Neurons that receive more than one kind of input sum up the information they get.

In the 1960s, John C. Eccles (1965) and his students performed experiments that helped to answer the question, how does the neuron integrate such an enormous array of inputs into a nerve impulse? Rather than recording from the giant axon of a squid, Eccles recorded from the cell bodies of large motor neurons in the vertebrate spinal cord. In doing so, he refined the electrical stimulating and recording techniques first developed for studying squid axons (see Section 4-1). Eccles received the Nobel Prize in Physiology or Medicine in 1963.

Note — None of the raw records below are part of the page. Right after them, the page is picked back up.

Lemma ex_RInt_cubeint_slice n K g i : coord_lipschitz K g ->
  ex_RInt (fun t => cubeint n (fun x => g (upd x i t))) 0 1.
Proof.
  intros Hg. apply (ex_RInt_lipschitz _ (-1) 2 0 1 K); try lra; [apply Hg|].
  intros; apply cubeint_slice_lipschitz; auto.
Qed.

Lemma cubeint_const n : forall c, cubeint n (fun _ => c) = c.
Proof.
  induction n; intros; simpl; auto.
  rewrite (CRInt_ext _ (fun _ => c)) by (intros; apply IHn).
  rewrite CRInt_const. replace (1 - 0) with 1 by ring. ring.
Qed.

Lemma Cmod_cubeint_le n K g B : coord_lipschitz K g ->
  (forall u, in_wide_cube u -> Cmod (g u) <= B) -> Cmod (cubeint n g) <= B.
Proof.
  intros Hg H. replace (cubeint n g) with (cubeint n g - cubeint n (fun _ => RtoC 0))%C
    by (rewrite cubeint_const; ring).
  apply (cubeint_diff n K 0); auto using coord_lipschitz_const.
  intros u Hu. replace (g u - 0)%C with (g u) by ring. auto.
Qed.

Lemma cubeint_scal n : forall K g c, coord_lipschitz K g ->
  cubeint n (fun u => c * g u)%C = (c * cubeint n g)%C.
Proof.
  induction n; intros K g c Hg; simpl; auto.
  rewrite (CRInt_ext _ (fun t => c * cubeint n (fun x => g (upd x (S n) t)))%C).
  - apply CRInt_Cmult, (ex_RInt_cubeint_slice n K), Hg.
  - intros t Ht. rewrite Rmin_left, Rmax_right in Ht by lra.
    apply (IHn K), coord_lipschitz_upd; auto; lra.
Qed.

(** * One-dimensional Riemann sums *)

Definition lipschitz_on_wide (K : R) (phi : R -> C) :=
  forall v w, -1 <= v <= 2 -> -1 <= w <= 2 -> Cmod (phi v - phi w) <= K * Rabs (v - w).

Lemma ex_RInt_lipschitz_on_wide K phi a b : 0 <= K -> lipschitz_on_wide K phi ->
  -1 < a -> a <= b -> b < 2 -> ex_RInt phi a b.
Proof. intros. apply (ex_RInt_lipschitz _ (-1) 2 _ _ K); auto. Qed.

Lemma rectangle_rule_step (phi : R -> C) K A B : 0 <= K -> lipschitz_on_wide K phi ->
  -1 < A -> A <= B -> B < 2 ->
  Cmod (RtoC (B - A) * phi B - CRInt phi A B) <= K * (B - A) ^ 2.
Proof.
  intros HK HL HA HAB HB.
  assert (E : ex_RInt phi A B) by (apply (ex_RInt_lipschitz_on_wide K); auto).
  rewrite <- CRInt_const, <- CRInt_minus; auto; [| apply (ex_RInt_const (V := C_R_NormedModule))].
  replace (K * (B - A) ^ 2) with ((B - A) * (K * (B - A))) by ring.
  apply Cmod_CRInt_le; auto.
  - apply (ex_RInt_minus (V := C_R_NormedModule)); auto. apply (ex_RInt_const (V := C_R_NormedModule)).
  - intros x Hx. eapply Rle_trans; [apply HL; lra|].
    apply Rmult_le_compat_l; auto. rewrite Rabs_right; lra.
Qed.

Motor neurons, for example, receive input from multiple sources. A spinal cord motor neuron has an extensive dendritic tree with as many as 20 main branches that subdivide numerous times and are covered with dendritic spines. Input from the skin, joints, muscles, spinal cord, and brain make motor cells ideal for studying how a neuron responds to diverse inputs. Each motor neuron sends its axon directly to a muscle. The motor neuron is the final common pathway the nervous system takes to produce behavior.

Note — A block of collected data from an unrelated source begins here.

(* For any $C\ge2$ and any $\eta\ge2$, there exists a forward-KL-regularized linear bandit instance (of dimension $2$) such that $C^{\pi^*}\ge C/2$ and $D^2_{\pi^*}=\Theta(1)$.
   Context: A forward-KL-regularized linear bandit instance (single context) consists of a finite action set $\mathcal A$, a feature map $\phi:\mathcal A\to\mathbb R^d$, a parameter set $\Theta\subset\mathbb R^d$ defining $\mathcal F=\{a\mapsto\langle\theta,\phi(a)\rangle:\theta\in\Theta\}$, a true parameter $\theta^*\in\Theta$ with $r(a)=\langle\theta^*,\phi(a)\rangle\in[0,1]$, a full-support reference policy $\pi^{\mathrm{ref}}\in\Delta(\mathcal A)$, and $\eta>0$. $\pi^*=\arg\max_{\pi\in\Delta(\mathcal A)}\sum_a r(a)\pi(a)-\eta^{-1}\mathrm{KL}(\pi^{\mathrm{ref}}\|\pi)$; $C^{\pi^*}=\max_a\pi^*(a)/\pi^{\mathrm{ref}}(a)$; $D^2(a)=\sup_{g,h\in\mathcal F}\frac{(g(a)-h(a))^2}{\mathbb E_{a'\sim\pi^{\mathrm{ref}}}[(g(a')-h(a'))^2]}$; $D^2_{\pi^*}=\mathbb E_{a\sim\pi^*}D^2(a)$. $\Theta(1)$ means bounded above and below by absolute positive constants. *)

From HB Require Import structures.
From mathcomp Require Import all_boot all_order all_algebra.
From mathcomp Require Import all_classical all_reals all_analysis.
Set Implicit Arguments. Unset Strict Implicit. Unset Printing Implicit Defensive.
Import Order.TTheory GRing.Theory Num.Theory.
Local Open Scope classical_set_scope.
Local Open Scope ring_scope.

Section KLBandit.
Variable R : realType.

Definition inner (d : nat) (th x : 'I_d -> R) : R := \sum_(i < d) th i * x i.

Variable A : finType.

Definition is_policy (p : A -> R) : Prop :=
  (forall a, 0 <= p a) /\ \sum_(a : A) p a = 1.

Definition full_support (p : A -> R) : Prop := forall a, 0 < p a.

(* KL(p || q) = sum_a p(a) log (p(a)/q(a)), used only for full-support p, q *)
Definition KL (p q : A -> R) : R := \sum_(a : A) p a * ln (p a / q a).

Definition objective (r ref : A -> R) (eta : R) (p : A -> R) : R :=
  \sum_(a : A) r a * p a - eta^-1 * KL ref p.

(* Policies without
   full support have KL(pi_ref||pi) = +oo (pi_ref has full support), hence
   objective -oo, so it suffices to compare against full-support policies. *)
Definition is_opt_policy (r ref : A -> R) (eta : R) (p : A -> R) : Prop :=
  is_policy p /\ full_support p /\
  forall p', is_policy p' -> full_support p' ->
    objective r ref eta p' <= objective r ref eta p.

Definition cover_coef (ref p : A -> R) : R :=
  \big[Num.max/0]_(a : A) (p a / ref a).

(* A pair with zero
   denominator (hence g = h on all of A, as ref has full support)
   contributes the value 0 (convention 0/0 = 0). *)
Definition D2_ratio (d : nat) (phi : A -> 'I_d -> R) (ref : A -> R)
    (th1 th2 : 'I_d -> R) (a : A) : R :=
  let diff := fun a' => inner th1 (phi a') - inner th2 (phi a') in
  let den := \sum_(a' : A) ref a' * (diff a') ^+ 2 in
  if den == 0 then 0 else (diff a) ^+ 2 / den.

Definition D2 (d : nat) (Theta : set ('I_d -> R)) (phi : A -> 'I_d -> R)
    (ref : A -> R) (a : A) : R :=
  sup [set x | exists th1 th2, Theta th1 /\ Theta th2 /\
                  x = D2_ratio phi ref th1 th2 a].

Definition D2_pi (d : nat) (Theta : set ('I_d -> R)) (phi : A -> 'I_d -> R)
    (ref p : A -> R) : R :=
  \sum_(a : A) p a * D2 Theta phi ref a.

End KLBandit.

(* A full-support policy [p] satisfying the stationarity condition
   [r a + ref a / (eta p a) = lam] maximises the forward-KL objective, and
   uniquely so: for every other policy [q] the objective gap is
   [eta^-1 * \sum_a ref a * (ln x_a - (x_a - 1))] with [x_a = q a / p a], a sum
   of nonpositive terms that vanishes only at [q = p].  On two actions with
   rewards [1] and [1/2] we pick [ref] so that the stationary policy puts [C]
   times the reference mass on the better action.  The features are multiples
   of the reward, so any two hypotheses differ by a multiple of the reward;
   as rewards lie within a factor [2] of each other, every ratio defining
   [D^2] lies in [[1/4, 4]]. *)

From HB Require Import structures.
From mathcomp Require Import all_boot all_order all_algebra.
From mathcomp Require Import all_classical all_reals all_analysis.
From mathcomp Require Import ring lra.
Set Implicit Arguments. Unset Strict Implicit. Unset Printing Implicit Defensive.
Import Order.TTheory GRing.Theory Num.Theory.
Local Open Scope classical_set_scope.
Local Open Scope ring_scope.

Section LnTangentGap.
Variable R : realType.

Definition ln_tangent_gap (x : R) : R := ln x - (x - 1).

Lemma ln_tangent_gap_le0 x : 0 < x -> ln_tangent_gap x <= 0.
Proof.
by move=> x0; have := expR_ge1Dx (ln x); rewrite lnK ?posrE // /ln_tangent_gap; lra.
Qed.

Lemma ln_tangent_gap_eq0 x : 0 < x -> ln_tangent_gap x = 0 -> x = 1.
Proof.
move=> x0 gap0; apply/eqP; rewrite -ln_eq0 //; apply: contraTT isT => lnx0.
have := expR_gt1Dx lnx0; rewrite lnK ?posrE //; move: gap0; rewrite /ln_tangent_gap; lra.
Qed.

End LnTangentGap.

Section ForwardKLStationarity.
Variables (R : realType) (A : finType) (r ref : A -> R) (eta lam : R) (p : A -> R).
Hypotheses (eta_gt0 : 0 < eta) (ref_gt0 : full_support ref).
Hypotheses (p_policy : is_policy p) (p_gt0 : full_support p).
Hypothesis p_stationary : forall a, r a = lam - ref a / (eta * p a).

(* After substituting stationarity for [r], [lam] drops out because
   [\sum_a (q a - p a) = 0]. *)
Lemma objective_sub_stationary q : is_policy q -> full_support q ->
  objective r ref eta q - objective r ref eta p =
  eta^-1 * \sum_a ref a * ln_tangent_gap (q a / p a).
Proof.
move=> [_ q1] q_gt0.
have pointwise a : r a * q a - eta^-1 * (ref a * ln (ref a / q a))
    - (r a * p a - eta^-1 * (ref a * ln (ref a / p a)))
  = lam * (q a - p a) + eta^-1 * (ref a * ln_tangent_gap (q a / p a)).
  have := ref_gt0 a; have := q_gt0 a; have := p_gt0 a => pa qa ra.
  rewrite p_stationary /ln_tangent_gap !ln_div ?posrE //; field.
  by rewrite !gt_eqF.
rewrite /objective /KL !mulr_sumr -!sumrB (eq_bigr _ (fun a _ => pointwise a)).
by rewrite big_split /= -mulr_sumr sumrB q1 (proj2 p_policy) subrr mulr0 add0r.
Qed.

Lemma stationary_gap_term_le0 q a : full_support q ->
  ref a * ln_tangent_gap (q a / p a) <= 0.
Proof.
move=> q_gt0; apply: mulr_ge0_le0; first exact/ltW.
by rewrite ln_tangent_gap_le0 ?divr_gt0.
Qed.

Lemma stationary_gap_le0 q : full_support q ->
  \sum_a ref a * ln_tangent_gap (q a / p a) <= 0.
Proof. by move=> q_gt0; apply: sumr_le0 => a _; apply: stationary_gap_term_le0. Qed.

Lemma stationary_is_opt : is_opt_policy r ref eta p.
Proof.
split; [exact: p_policy | split; first exact: p_gt0].
move=> q q_policy q_gt0; rewrite -subr_le0 objective_sub_stationary //.
apply: mulr_ge0_le0; first by rewrite invr_ge0 ltW.
exact: stationary_gap_le0.
Qed.

Lemma stationary_opt_unique q : is_opt_policy r ref eta q -> q =1 p.
Proof.
move=> [q_policy [q_gt0 q_opt]] a.
have gap0 : \sum_a ref a * ln_tangent_gap (q a / p a) = 0.
  apply/eqP; rewrite eq_le stationary_gap_le0 //=.
  have := q_opt p p_policy p_gt0; rewrite -subr_ge0 objective_sub_stationary //.
  by rewrite pmulr_rge0 ?invr_gt0.
have /eqP : - (ref a * ln_tangent_gap (q a / p a)) = 0.
  apply: (psumr_eq0P (P := predT)
    (F := fun b => - (ref b * ln_tangent_gap (q b / p b)))) => //.
  - by move=> b _; rewrite oppr_ge0 stationary_gap_term_le0.
  - by rewrite sumrN gap0 oppr0.
rewrite oppr_eq0 mulf_eq0 gt_eqF //= => /eqP /ln_tangent_gap_eq0.
by rewrite divr_gt0 // => /(_ isT) /divr1_eq.
Qed.

End ForwardKLStationarity.

Lemma policy_mean_bounds (R : realType) (A : finType) (p f : A -> R) (k K : R) :
  is_policy p -> (forall a, k <= f a <= K) -> k <= \sum_a p a * f a <= K.
Proof.
move=> [p_ge0 p1] f_bd; apply/andP; split.
- rewrite -[k]mul1r -p1 mulr_suml; apply: ler_sum => a _.
  by rewrite ler_wpM2l //; case/andP: (f_bd a).
- rewrite -[K]mul1r -p1 mulr_suml; apply: ler_sum => a _.
  by rewrite ler_wpM2l //; case/andP: (f_bd a).
Qed.

Section D2Bounds.
Variables (R : realType) (A : finType) (d : nat) (phi : A -> 'I_d -> R).
Variable ref : A -> R.
Hypothesis ref_policy : is_policy ref.

Let diff th1 th2 a := inner th1 (phi a) - inner th2 (phi a).

Lemma D2_ratio_le th1 th2 a (K : R) : 0 <= K ->
  (forall a', diff th1 th2 a ^+ 2 <= K * diff th1 th2 a' ^+ 2) ->
  D2_ratio phi ref th1 th2 a <= K.
Proof.
move=> K_ge0 cmp; rewrite /D2_ratio /=; case: ifPn => // den_neq0.
have [ref_ge0 ref1] := ref_policy.
have den_gt0 : 0 < \sum_a' ref a' * diff th1 th2 a' ^+ 2.
  by rewrite lt0r den_neq0 sumr_ge0 // => a' _; rewrite mulr_ge0 ?sqr_ge0.
rewrite ler_pdivrMr // mulr_sumr -[_ ^+ 2]mul1r -ref1 mulr_suml.
apply: ler_sum => a' _; by rewrite [X in _ <= X]mulrCA ler_wpM2l ?cmp.
Qed.

Lemma D2_ratio_ge th1 th2 a (k : R) : full_support ref ->
  diff th1 th2 a != 0 ->
  (forall a', k * diff th1 th2 a' ^+ 2 <= diff th1 th2 a ^+ 2) ->
  k <= D2_ratio phi ref th1 th2 a.
Proof.
move=> ref_gt0 diff_neq0 cmp; rewrite /D2_ratio /=.
have [ref_ge0 ref1] := ref_policy.
have den_gt0 : 0 < \sum_a' ref a' * diff th1 th2 a' ^+ 2.
  rewrite (bigD1 a) //=; apply: ltr_pwDl.
  - by rewrite mulr_gt0 // exprn_even_gt0 ?diff_neq0 ?orbT.
  - by rewrite sumr_ge0 // => a' _; rewrite mulr_ge0 ?sqr_ge0.
rewrite gt_eqF // ler_pdivlMr // mulr_sumr -[_ ^+ 2 in X in _ <= X]mul1r -ref1 mulr_suml.
apply: ler_sum => a' _; by rewrite mulrCA ler_wpM2l ?cmp.
Qed.

Lemma D2_bounds (Theta : set ('I_d -> R)) th1 th2 a (k K : R) :
  (forall g h, Theta g -> Theta h -> D2_ratio phi ref g h a <= K) ->
  Theta th1 -> Theta th2 -> k <= D2_ratio phi ref th1 th2 a ->
  k <= D2 Theta phi ref a <= K.
Proof.
move=> ratio_le Theta1 Theta2 k_le; rewrite /D2.
set S := [set x | _].
have S_ub : ubound S K by move=> _ [g [h [Tg [Th ->]]]]; exact: ratio_le.
have S_ratio : S (D2_ratio phi ref th1 th2 a) by exists th1, th2.
apply/andP; split.
- exact: le_trans k_le (ub_le_sup (ex_intro _ K S_ub) S_ratio).
- by apply: ge_sup => //; exists (D2_ratio phi ref th1 th2 a).
Qed.

End D2Bounds.

Lemma inner_cst (R : realType) (d : nat) (th : 'I_d -> R) (x : R) :
  inner th (fun _ => x) = (\sum_i th i) * x.
Proof. by rewrite /inner mulr_suml. Qed.

Section HardInstance.
Variable R : realType.

Definition hard_reward (b : bool) : R := if b then 1 else 2^-1.
Definition hard_feature (b : bool) : 'I_2 -> R := fun _ => hard_reward b / 2.
Definition hard_theta : 'I_2 -> R := fun _ => 1.
Definition hard_Theta : set ('I_2 -> R) :=
  fun th => th = hard_theta \/ th = (fun _ => 0).

Lemma hard_reward_inner b : inner hard_theta (hard_feature b) = hard_reward b.
Proof.
rewrite inner_cst /hard_theta sumr_const card_ord.
by rewrite mulr_natl mulr2n; field.
Qed.

Lemma hard_reward_sq_le b b' : hard_reward b ^+ 2 <= 4 * hard_reward b' ^+ 2.
Proof. by case: b; case: b' => /=; rewrite ?expr1n; lra. Qed.

Lemma hard_feature_diff th1 th2 b :
  inner th1 (hard_feature b) - inner th2 (hard_feature b) =
  (\sum_i th1 i - \sum_i th2 i) / 2 * hard_reward b.
Proof. by rewrite !inner_cst; ring. Qed.

Variables C eta : R.
Hypotheses (C_ge2 : 2 <= C) (eta_ge2 : 2 <= eta).

(* [hard_ref true = hard_opt true / C]; stationarity with multiplier
   [lam = 1 + 1/(C eta)] then forces the mass [subopt_mass] on the worse action. *)
Definition subopt_mass : R := 2 * (C - 1) / (C * eta).
Definition hard_opt (b : bool) : R := if b then 1 - subopt_mass else subopt_mass.
Definition hard_ref (b : bool) : R :=
  if b then (1 - subopt_mass) / C else 1 - (1 - subopt_mass) / C.

Lemma subopt_mass_gt0 : 0 < subopt_mass.
Proof.
have := C_ge2; have := eta_ge2 => eta2 C2.
by apply: divr_gt0; [lra | apply: mulr_gt0; lra].
Qed.

Lemma subopt_mass_lt1 : subopt_mass < 1.
Proof.
have := C_ge2; have := eta_ge2 => eta2 C2.
by rewrite ltr_pdivrMr ?mul1r; [nra | apply: mulr_gt0; lra].
Qed.

Lemma hard_opt_policy : is_policy hard_opt.
Proof.
have := subopt_mass_gt0; have := subopt_mass_lt1 => s1 s0.
by split; [case => /=; lra | rewrite big_bool /=; ring].
Qed.

Lemma hard_opt_gt0 : full_support hard_opt.
Proof.
by have := subopt_mass_gt0; have := subopt_mass_lt1 => s1 s0; case => /=; lra.
Qed.

Lemma hard_ref_true_bounds : 0 < (1 - subopt_mass) / C < 1.
Proof.
have := C_ge2; have := subopt_mass_gt0; have := subopt_mass_lt1 => s1 s0 C2.
by rewrite divr_gt0 ?ltr_pdivrMr ?mul1r /=; lra.
Qed.

Lemma hard_ref_policy : is_policy hard_ref.
Proof.
have /andP[r0 r1] := hard_ref_true_bounds.
by split; [case => /=; lra | rewrite big_bool /=; ring].
Qed.

Lemma hard_ref_gt0 : full_support hard_ref.
Proof. by have /andP[r0 r1] := hard_ref_true_bounds; case => /=; lra. Qed.

Lemma hard_opt_stationary b :
  hard_reward b = (1 + (C * eta)^-1) - hard_ref b / (eta * hard_opt b).
Proof.
have := C_ge2; have := eta_ge2; have := subopt_mass_gt0; have := subopt_mass_lt1.
move=> s1 s0 eta2 C2.
case: b; rewrite /hard_reward /hard_ref /hard_opt /=.
- by field; rewrite !gt_eqF ?subr_gt0 //; lra.
- by rewrite /subopt_mass; field; rewrite !gt_eqF //; lra.
Qed.

Lemma hard_eta_gt0 : 0 < eta.
Proof. by have := eta_ge2; lra. Qed.

Lemma hard_opt_is_opt : is_opt_policy hard_reward hard_ref eta hard_opt.
Proof.
exact: stationary_is_opt hard_eta_gt0 hard_ref_gt0 hard_opt_policy hard_opt_gt0
  hard_opt_stationary.
Qed.

Lemma hard_opt_unique p : is_opt_policy hard_reward hard_ref eta p -> p =1 hard_opt.
Proof.
exact: (stationary_opt_unique hard_eta_gt0 hard_ref_gt0 hard_opt_policy hard_opt_gt0
  hard_opt_stationary).
Qed.

Lemma hard_cover_coef p : p =1 hard_opt -> C <= cover_coef hard_ref p.
Proof.
move=> p_opt; apply: le_trans (le_bigmax _ _ true); rewrite p_opt /=.
have := C_ge2; have := subopt_mass_lt1 => s1 C2.
by rewrite divKf ?gt_eqF //; lra.
Qed.

Lemma hard_ratio_le th1 th2 b : D2_ratio hard_feature hard_ref th1 th2 b <= 4.
Proof.
apply: (D2_ratio_le hard_ref_policy) => // b'.
rewrite !hard_feature_diff !exprMn [X in _ <= X]mulrCA.
by rewrite ler_wpM2l ?hard_reward_sq_le // mulr_ge0 ?sqr_ge0.
Qed.

Lemma hard_ratio_ge b : 4^-1 <= D2_ratio hard_feature hard_ref hard_theta (fun _ => 0) b.
Proof.
have diff_eq b' : inner hard_theta (hard_feature b') - inner (fun _ => 0) (hard_feature b')
    = hard_reward b'.
  by rewrite hard_reward_inner inner_cst big1 // mul0r subr0.
have reward_gt0 : 0 < hard_reward b by case: b => /=; lra.
apply: (D2_ratio_ge hard_ref_policy hard_ref_gt0); rewrite diff_eq ?gt_eqF // => b'.
by rewrite diff_eq ler_pdivrMl // hard_reward_sq_le.
Qed.

Lemma hard_D2_bounds b : 4^-1 <= D2 hard_Theta hard_feature hard_ref b <= 4.
Proof.
apply: (D2_bounds (th1 := hard_theta) (th2 := fun _ => 0)).
- by move=> g h _ _; exact: hard_ratio_le.
- by left.
- by right.
- exact: hard_ratio_ge.
Qed.

End HardInstance.

Theorem propositionB2 (R : realType) :
  exists c1 c2 : R, 0 < c1 /\ 0 < c2 /\
  forall C eta : R, 2 <= C -> 2 <= eta ->
  exists (A : finType) (phi : A -> 'I_2 -> R) (Theta : set ('I_2 -> R))
         (thstar : 'I_2 -> R) (ref : A -> R),
    Theta thstar /\
    (forall a : A, 0 <= inner thstar (phi a) <= 1) /\
    is_policy ref /\ full_support ref /\
    (exists p : A -> R, is_opt_policy (fun a => inner thstar (phi a)) ref eta p) /\
    (forall p : A -> R, is_opt_policy (fun a => inner thstar (phi a)) ref eta p ->
       C / 2 <= cover_coef ref p /\
       c1 <= D2_pi Theta phi ref p <= c2).
Proof.
exists 4^-1, 4; do 2 split => //.
move=> C eta C_ge2 eta_ge2.
exists bool, (hard_feature R), (@hard_Theta R), (hard_theta R), (hard_ref C eta).
have -> : (fun b => inner (hard_theta R) (hard_feature R b)) = @hard_reward R.
  exact/funext/hard_reward_inner.
split; first by left.
split; first by move=> b; rewrite hard_reward_inner; case: b => /=; lra.
split; first exact: hard_ref_policy.
split; first exact: hard_ref_gt0.
split; first by exists (hard_opt C eta); exact: hard_opt_is_opt.
move=> p p_opt; split.
- apply: le_trans (hard_cover_coef C_ge2 eta_ge2 (hard_opt_unique C_ge2 eta_ge2 p_opt)).
  by rewrite ler_pdivrMr //; lra.
- apply: policy_mean_bounds; first by case: p_opt.
  exact: hard_D2_bounds.
Qed.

Excitatory and Inhibitory Postsynaptic Potentials

To study motor neuron activity, Eccles inserted a microelectrode into a vertebrate’s spinal cord until the tip was in or right beside a motor neuron’s cell body. He then placed stimulating electrodes on sensory nerve fiber axons entering the spinal cord. By teasing apart the incoming sensory fibers, he was able to stimulate one nerve fiber at a time.

Figure 2-29A diagrams the human spinal cord in cross section.

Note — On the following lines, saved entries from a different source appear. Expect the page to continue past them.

(* If there exists a non-principal nowhere dense ultrafilter on $\omega$, then there exists a $\sigma$-centered forcing notion $\mathbb{P}$ such that above every element of $\mathbb{P}$ there are two incompatible elements and $\mathbb{P}$ does not add a Cohen real.
   Context: Forcing order convention: $p\leqslant q$ means $q$ is stronger than $p$. $\mathbb{P}$ is $\sigma$-centered if $\mathbb{P}=\bigcup_{n<\omega}A_n$ with each $A_n$ directed (any two elements of $A_n$ have a common upper bound in $A_n$). $\mathbb{P}$ adds a Cohen real if there is a $\mathbb{P}$-name $\underline{r}$ for an element of ${}^\omega 2$ such that for every ground-model open dense $\mathcal{D}\subseteq{}^\omega 2$, $\Vdash_{\mathbb{P}}\underline{r}\in\mathcal{D}^*$, $\mathcal{D}^*$ being the reinterpretation of $\mathcal{D}$ in the extension. A filter $D$ on $\omega$ is nowhere dense if for every $f\colon\omega\to{}^\omega 2$ there is $A\in D$ with $f(A)$ nowhere dense in ${}^\omega 2$. *)

From Stdlib Require Import Arith.

(* Cantor space 2^omega = nat -> bool. [agree x y n]: x and y agree below n,
   i.e. y lies in the basic clopen set [x|n]. *)
Definition agree (x y : nat -> bool) (n : nat) : Prop :=
  forall k, k < n -> x k = y k.

Definition nowhere_dense (S : (nat -> bool) -> Prop) : Prop :=
  forall (x : nat -> bool) (n : nat),
    exists (y : nat -> bool) (m : nat),
      n <= m /\ agree x y n /\ (forall z, agree y z m -> ~ S z).

Definition is_open (D : (nat -> bool) -> Prop) : Prop :=
  forall x, D x -> exists n, forall y, agree x y n -> D y.

Definition is_dense (D : (nat -> bool) -> Prop) : Prop :=
  forall (x : nat -> bool) (n : nat), exists y, agree x y n /\ D y.

Definition ultrafilter (U : (nat -> Prop) -> Prop) : Prop :=
  U (fun _ => True) /\
  ~ U (fun _ => False) /\
  (forall A B : nat -> Prop, U A -> (forall n, A n -> B n) -> U B) /\
  (forall A B : nat -> Prop, U A -> U B -> U (fun n => A n /\ B n)) /\
  (forall A : nat -> Prop, U A \/ U (fun n => ~ A n)).

Definition nonprincipal (U : (nat -> Prop) -> Prop) : Prop :=
  forall m : nat, ~ U (fun n => n = m).

Definition nowhere_dense_filter (U : (nat -> Prop) -> Prop) : Prop :=
  forall f : nat -> (nat -> bool),
    exists A : nat -> Prop, U A /\
      nowhere_dense (fun z => exists n, A n /\ f n = z).

(* Forcing notions: a preorder [le]; [le p q] means q is stronger than p. *)
Definition preorder {P : Type} (le : P -> P -> Prop) : Prop :=
  (forall p, le p p) /\ (forall p q r, le p q -> le q r -> le p r).

Definition compatible {P : Type} (le : P -> P -> Prop) (p q : P) : Prop :=
  exists r, le p r /\ le q r.

Definition splitting {P : Type} (le : P -> P -> Prop) : Prop :=
  forall p, exists q r, le p q /\ le p r /\ ~ compatible le q r.

Definition sigma_centered {P : Type} (le : P -> P -> Prop) : Prop :=
  exists C : nat -> P -> Prop,
    (forall p, exists n, C n p) /\
    (forall n p q, C n p -> C n q -> exists r, C n r /\ le p r /\ le q r).

(* A P-name for an element of 2^omega, represented by the sets
   [A n i] = {p | p forces r(n) = i}: these are open (closed upward under
   strengthening), [A n true] and [A n false] are disjoint, and their union
   is dense. *)
Definition real_name {P : Type} (le : P -> P -> Prop)
  (A : nat -> bool -> P -> Prop) : Prop :=
  (forall n i p q, A n i p -> le p q -> A n i q) /\
  (forall n p, A n true p -> A n false p -> False) /\
  (forall n p, exists q, le p q /\ (A n true q \/ A n false q)).

(* p decides an initial segment of the name r which lies in a basic open
   subset of D; "forces r ∈ D*" (for D open) iff such p are dense. *)
Definition forces_in {P : Type} (le : P -> P -> Prop)
  (A : nat -> bool -> P -> Prop) (D : (nat -> bool) -> Prop) : Prop :=
  forall p, exists q, le p q /\
    exists (x : nat -> bool) (m : nat),
      (forall y, agree x y m -> D y) /\ (forall k, k < m -> A k (x k) q).

Definition adds_cohen_real {P : Type} (le : P -> P -> Prop) : Prop :=
  exists A : nat -> bool -> P -> Prop,
    real_name le A /\
    forall D : (nat -> bool) -> Prop, is_open D -> is_dense D -> forces_in le A D.

From Stdlib Require Import Arith List Lia Cantor Classical ClassicalEpsilon.
Import ListNotations.

(* The forcing is Laver forcing along the ultrafilter U: a condition is a tree
   with a stem above which every node has U-many immediate successors.
   Conditions with the same stem are compatible, so the forcing is
   sigma-centered, and two distinct successors of the stem give incompatible
   extensions because U is nonprincipal.  By the pure decision property every
   node t decides, by a pure extension, a real r_t, and for each n the reals
   r_(a::t) agree with r_t below n for U-many a.  Since U is nowhere dense, the
   tree can be pruned so that S = {r_t | t in the tree} is nowhere dense.
   Every initial segment of the generic real decided by an extension of the
   pruned condition is an initial segment of some r_t in S, so the real is
   never forced into the open dense exterior of S. *)

Fixpoint code (l : list nat) : nat :=
  match l with [] => 0 | a :: t => S (Cantor.to_nat (a, code t)) end.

Experiment 4-1 diagrams the experimental setup Eccles used. As shown at the left in the Procedures section, stimulating some incoming sensory fibers produced a depolarizing graded potential (reduced the charge) on the membrane of the motor neuron to which these fibers were connected. Eccles called these graded potentials excitatory postsynaptic potentials (EPSPs). As graphed at left in the Results section, EPSPs reduce the charge on the membrane toward the threshold level and increase the likelihood that an action potential will result.

At the right in the Procedures section, when Eccles stimulated other incoming sensory fibers, he produced a hyperpolarizing graded potential (increased the charge) on the receiving motor neuron membrane. Eccles called these graded potentials inhibitory postsynaptic potentials (IPSPs). As graphed at the right in the Results section, IPSPs increase the charge on the membrane away from the threshold level and decrease the likelihood that an action potential will result.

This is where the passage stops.